- The Washington Times - Monday, October 17, 2005

BEIJING (AP) — Two days of U.S.-Chinese trade talks ended yesterday with no response to an ambitious American proposal to reform China’s financial sector and open its markets wider to foreign products, while also moving faster on currency reforms.

The two sides issued a joint statement highlighting their agreement to cooperate in reforming and regulating financial markets and on the need for currency stability. As is typical in such documents, the emphasis was on consensus.

The statement noted that China intended to make its tightly controlled currency policies more flexible. But it added: “Both sides reaffirmed that excess volatility and disorderly movements in exchange rates are undesirable for economic growth.”

In a meeting with U.S. Treasury Secretary John W. Snow, Chinese Prime Minister Wen Jiabao summed up ties as “generally good,” saying any issue can be settled through talks “while shelving trivial differences,” the official Xinhua News Agency reported.

There was no clear indication of how the Chinese had received the U.S. proposals. China has rejected pressure to waver from its style of communist-led economic reforms. But Mr. Snow emphasized benefits to China and its economy from building up its financial systems and allowing freer trade.

“Underscoring everything we’re doing is a recognition that everything we’re doing is a positive sum game,” Mr. Snow told reporters. “China’s success helps the global economy; our success helps the global economy.”
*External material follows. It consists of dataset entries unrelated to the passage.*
Lemma nfree_eq0 P s j : nfree P s = 0%N -> s j = None -> ~~ P j.
Proof. by move=> P0 sj; move: (card0_eq P0 j); rewrite !inE sj eqxx andbT => ->. Qed.

Lemma nfree_empty P : nfree P (empty_position d) = #|P|.
Proof. by apply: eq_card => i; rewrite !inE ffunE andbT. Qed.

Lemma card_is_end : (#|is_end| <= 2)%N.
Proof.
by rewrite (@eq_card _ _ (pred2 ord0 ord_max)) ?card2 ?ltnS ?leq_b1.
Qed.

Lemma legal_move_free s i v : legal_move s i v -> s i = None.
Proof. by case/andP=> /eqP. Qed.

Lemma legal_move_end s i v : legal_move s i v -> is_end i -> v != 0.
Proof. by case/andP=> _ /implyP. Qed.

Lemma legal_move_inner s i v : s i = None -> ~~ is_end i -> legal_move s i v.
Proof. by move=> si /negbTE i_inner; rewrite /legal_move si eqxx -/(is_end i) i_inner. Qed.

Lemma legal_move_neq0 s i v : s i = None -> v != 0 -> legal_move s i v.
Proof. by move=> si v_neq0; rewrite /legal_move si eqxx v_neq0 implybT. Qed.

Lemma play_move_same s j v : play_move s j v j = Some v.
Proof. by rewrite ffunE eqxx. Qed.

Lemma play_move_other s j v i : i != j -> play_move s j v i = s i.
Proof. by move/negbTE=> nij; rewrite ffunE nij. Qed.

Lemma coef_poly_of s k : (k <= d)%N -> (poly_of s)`_k = odflt 0 (s (inord k)).
Proof. by rewrite coef_poly ltnS => ->. Qed.

Lemma poly_of_play s j v : s j = None -> poly_of (play_move s j v) = poly_of s + v *: 'X^j.
Proof.
move=> sj; apply/polyP => k; rewrite coefD coefZ coefXn !coef_poly.
case: ltnP => [k_le_d|d_lt_k]; last first.
  by rewrite add0r (gtn_eqF (leq_trans (ltn_ord j) d_lt_k)) mulr0.
rewrite ffunE -val_eqE /= inordK //.
by case: eqP => [->|_]; rewrite mulr_natr /= ?mulr1n ?mulr0n ?addr0 // inord_val sj add0r.
Qed.

Lemma horner1_play s j v : s j = None -> (poly_of (play_move s j v)).[1] = (poly_of s).[1] + v.
Proof. by move/poly_of_play->; rewrite hornerD hornerZ hornerXn expr1n mulr1. Qed.

Definition extends s t : Prop := forall i a, s i = Some a -> t i = Some a.

Lemma extends_play s j v : s j = None -> extends s (play_move s j v).
Proof. by move=> sj i a si; rewrite ffunE; case: eqP => // eij; rewrite eij sj in si. Qed.

(* Quantifying over all extensions makes this stable under further moves. *)
Definition even_roots_blocked s : Prop :=
  forall t, extends s t -> forall x, ~~ odd16 x -> ~~ root (poly_of t) x.

Lemma even_roots_blocked_play s j v :
  s j = None -> even_roots_blocked s -> even_roots_blocked (play_move s j v).
Proof. by move=> sj s_blocked t st; apply: s_blocked => i a /(extends_play v sj)/st. Qed.

Lemma no_root_of_even_roots_blocked s :
  even_roots_blocked s -> odd16 (poly_of s).[1] -> ~~ has_root_in_R (poly_of s).
Proof.
move=> s_blocked f1_odd; apply/existsP => -[x /[dup] x_root /eqP fx0].
have [x_odd | x_even] := boolP (odd16 x).
  by move: f1_odd; rewrite -(odd16_horner_odd _ x_odd) fx0.
by move: x_root; apply/negP/s_blocked.
Qed.

End Positions.

Section WandaStrategy.
Variable d : nat.
Implicit Types (s : position d).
By moving beyond the currency issue to a wider set of priorities, the administration of President Bush can point to progress elsewhere while avoiding confrontation with Beijing in an area where it says it cannot move any quicker.

Mr. Snow and the others said they were encouraged by the descriptions by Beijing’s central bank governor, finance minister and other leaders of moves to make currency policy more flexible, privatize state-owned companies and improve scandal-laden, developing financial markets.

China’s ruling Communist Party recently signed off on a five-year plan focused on pushing ahead with financial reforms while seeking to reduce the huge divide between the city dwellers who have benefited most from the country’s economic boom and the hundreds of millions of rural workers who are far behind.

Mr. Snow applauded those objectives but urged the leadership to do more to build up social welfare services and financial institutions that would offer broader, safer investment options, giving Chinese alternatives to stashing money in bank accounts while encouraging more consumer spending.

“As China moves toward a more consumer-based society, the savings rate will go down and consumers will spend more, allowing China to buy more from the United States,” he said.

Mr. Snow said he needed to see more progress toward loosening controls on the Chinese currency, the yuan, to head off complaints in Washington over the Chinese trade surplus, which surged to a record $162 billion last year.

Chinese officials have said that, for the sake of stability, they will let the yuan’s value adjust gradually after a 2.1 percent revaluation in July, when Beijing gave up a decade-old peg to the dollar and began linking the yuan to a basket of currencies that includes the yen and the euro.

Congress has reacted to the gap with calls for more forceful action, with some lawmakers backing legislation that would impose 27.5 percent tariffs on all Chinese imports unless Beijing takes more steps to allow its currency to rise against the dollar.